The Democrat-led Senate voted 66-30 in favor of legislation to repeal the 1991 and 2002 Authorizations for the Use of Military Force, or AUMFs, well above the 51-vote majority needed to pass the measure that would formally end the Gulf and Iraq wars.
To become law, the repeal of the two AUMFs must still pass the Republican-led House of Representatives, where its prospects are less certain. All of the votes against repeal in the Senate were from Republicans and the party’s leader in the chamber, Mitch McConnell, issued a statement opposing it.
President Joe Biden has said he will sign the measure if it reaches his desk.
Twenty years after the March 2003 U.S. invasion that toppled Iraq’s Saddam Hussein, the vote was a historic step away from a war that killed hundreds of thousands of Iraqis and thousands of Americans, complicated policy in the Middle East and bitterly divided U.S. politics.
Supporters of repeal also said it recognized that Iraq is no longer an adversary, but has become a U.S. security partner.
The resolution also would repeal the Gulf War AUMF approved in 1991 after Saddam’s Iraq invaded Kuwait.
The Iraq AUMFs have been labeled “zombie” authorizations because they never expire but their original purpose no longer applies.
It was also the latest effort by U.S. lawmakers to reclaim congressional authority over whether troops should be sent into combat, which backers of the repeal said had been improperly ceded to the White House as the Senate and the House passed and then failed to repeal open-ended war authorizations.
“This vote shows that Congress is prepared to call back our constitutional role in deciding how and when a nation goes to war, and also when it should end wars,” said Senator Bob Menendez, Democratic chairman of the Foreign Relations Committee, before the vote.
“It also protests against future administrations abusing authorizations that outlive their mandate but still remain on the books,” Menendez said.
Under the U.S. constitution, Congress, not the president, has the right to declare war.
Lawmakers have been divided over whether to let the AUMFs stand, leaving it to military commanders to decide how best to fight U.S. enemies. As a result, no AUMF repeals have passed since 1971, although some have passed committees or one chamber of Congress.

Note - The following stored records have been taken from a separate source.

Lemma two_eigenvalues_affine m (M : 'M[algC]_m) (eps a b : algC) :
  eps != 0 -> a != b -> (M - a%:M) *m (M - b%:M) = 0 -> M - a%:M != 0 -> M - b%:M != 0 ->
  two_eigenvalues (eps *: (M - 1%:M)).
Proof.
move=> eps_neq0 ab Mab0 Ma_neq0 Mb_neq0.
have shift c : eps *: (M - 1%:M) - (eps * (c - 1))%:M = eps *: (M - c%:M).
  by rewrite -scale_scalar_mx -scalerBr (raddfB (@scalar_mx _ m)) opprB addrA subrK.
exists (eps * (a - 1)), (eps * (b - 1)); split.
  by rewrite (inj_eq (mulfI eps_neq0)) (inj_eq (addIr _)).
apply: eigenvalue_quadratic; rewrite !shift ?scalemx_eq0 ?negb_or ?eps_neq0 //.
by rewrite -scalemxAl -scalemxAr Mab0 !scaler0.
Qed.

Section FunctionMatrices.

Variable X : finType.

Lemma to_mx_mul (F G : X -> X -> algC) :
  to_mx F *m to_mx G = to_mx (fun x y => \sum_w F x w * G w y).
Proof.
apply/matrixP => i j; rewrite !mxE.
under eq_bigr => k _ do rewrite !mxE.
by rewrite -(big_enum_val (fun w => F (enum_val i) w * G w (enum_val j))).
Qed.

Lemma to_mx_sub_scalar_neq0 (F : X -> X -> algC) x y c :
  x != y -> F x y != 0 -> to_mx F - c%:M != 0.
Proof.
move=> xy Fxy; apply/eqP => /matrixP /(_ (enum_rank x) (enum_rank y)).
rewrite !mxE !enum_rankK (inj_eq enum_rank_inj) (negbTE xy) mulr0n subr0.
by move/eqP; rewrite (negbTE Fxy).
Qed.

End FunctionMatrices.

Lemma gram_scale (X V : finType) (Phi : X -> V -> algC) (c : X -> algC) x y :
  gram (fun x v => c x * Phi x v) x y = (c x)^* * c y * gram Phi x y.
Proof.
rewrite /gram mulr_sumr; apply: eq_bigr => v _.
by rewrite rmorphM /= mulrACA.
Qed.

Section DotProduct.

Variables (R : comUnitRingType) (I : finType).
Implicit Types a b c : {ffun I -> R}.

Definition dot a b : R := \sum_i a i * b i.

Definition scalef (k : R) a : {ffun I -> R} := [ffun i => k * a i].

Lemma dotC a b : dot a b = dot b a.
Proof. by apply: eq_bigr => i _; rewrite mulrC. Qed.

Lemma dotDl a b c : dot (a + b) c = dot a c + dot b c.
Proof. by rewrite /dot -big_split; apply: eq_bigr => i _; rewrite ffunE mulrDl. Qed.

Lemma dotNl a b : dot (- a) b = - dot a b.
Proof. by rewrite /dot -sumrN; apply: eq_bigr => i _; rewrite ffunE mulNr. Qed.

Lemma dotBl a b c : dot (a - b) c = dot a c - dot b c.
Proof. by rewrite dotDl dotNl. Qed.

Lemma dot0l a : dot 0 a = 0.
Proof. by rewrite /dot big1 // => i _; rewrite ffunE mul0r. Qed.

Lemma dotZl k a b : dot (scalef k a) b = k * dot a b.
Proof. by rewrite /dot mulr_sumr; apply: eq_bigr => i _; rewrite ffunE mulrA. Qed.

Lemma dotDr a b c : dot a (b + c) = dot a b + dot a c.
Proof. by rewrite !(dotC a) dotDl. Qed.

Lemma dotNr a b : dot a (- b) = - dot a b.
Proof. by rewrite !(dotC a) dotNl. Qed.

Lemma dotBr a b c : dot a (b - c) = dot a b - dot a c.
Proof. by rewrite dotDr dotNr. Qed.

Lemma dot0r a : dot a 0 = 0.
Proof. by rewrite dotC dot0l. Qed.

Lemma scalef_eq0 k a : k \is a GRing.unit -> (scalef k a == 0) = (a == 0).
Proof.
move=> k_unit; apply/eqP/eqP => [ka0|->]; apply/ffunP => i.
  apply: (mulrI k_unit); have /ffunP/(_ i) := ka0.
  by rewrite !ffunE mulr0.
by rewrite !ffunE mulr0.
Qed.

End DotProduct.

Section Indicators.

Variable T : finType.

Lemma sum_delta_cond (R : pzSemiRingType) (P : pred T) (a : T) (G : T -> R) :
  \sum_(i | P i) (a == i)%:R * G i = (P a)%:R * G a.
Proof.
rewrite big_mkcond (bigD1 a) //= eqxx mul1r big1 ?addr0.
  by case: (P a); rewrite ?mul1r ?mul0r.
by move=> i /negbTE; rewrite eq_sym => ->; case: (P i); rewrite ?mul0r.
Qed.

Lemma sum_delta (R : pzSemiRingType) (a : T) (G : T -> R) : \sum_i (a == i)%:R * G i = G a.
Proof. by rewrite sum_delta_cond mul1r. Qed.

Lemma prod_eq_ffun (R : comPzSemiRingType) (I : finType) (u v : {ffun I -> T}) :
  \prod_i (u i == v i)%:R = (u == v)%:R :> R.
Proof.
have [->|/eqP uv] := eqVneq u v; first by rewrite big1 // => i _; rewrite eqxx.
have [i uvi] : exists i, u i != v i.
  apply/existsP; apply: contra_notT uv; rewrite negb_exists => /forallP uv.
  by apply/ffunP => i; apply/eqP/negPn.
by rewrite (bigD1 i) //= (negbTE uvi) mul0r.
Qed.

Lemma natr_pair_eq (R : pzSemiRingType) (T' : eqType) (x y : T * T') :
  (x == y)%:R = (x.1 == y.1)%:R * (x.2 == y.2)%:R :> R.
Proof. by rewrite -pair_eqE /pair_eq /= -natrM mulnb. Qed.

End Indicators.

Section GaborFrame.

Variables (p s : nat) (z : algC).
Hypothesis p_gt1 : (1 < p)%N.
Hypothesis p_odd : odd p.
Hypothesis p_prime : prime p.
Hypothesis z_prim : p.-primitive_root z.

Local Notation Ap := (A p s).
Local Notation n := (p ^ s.+1)%N.

(** * The lexicographic order and the reflection u |-> - u - 1 *)

Lemma val_Zp_lt (a : 'Z_p) : (val a < p)%N.
Proof. by rewrite -[X in (_ < X)%N](Zp_cast p_gt1) ltn_ord. Qed.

McConnell, who is out of Washington recovering from a fall, issued a statement opposing the repeal.
“Our terrorist enemies aren’t sunsetting their war against us. And when we deploy our servicemembers in harm’s way, we need to supply them with all the support and legal authorities that we can,” he said, citing recent attacks such as one last week in Syria that killed one American and wounded six others.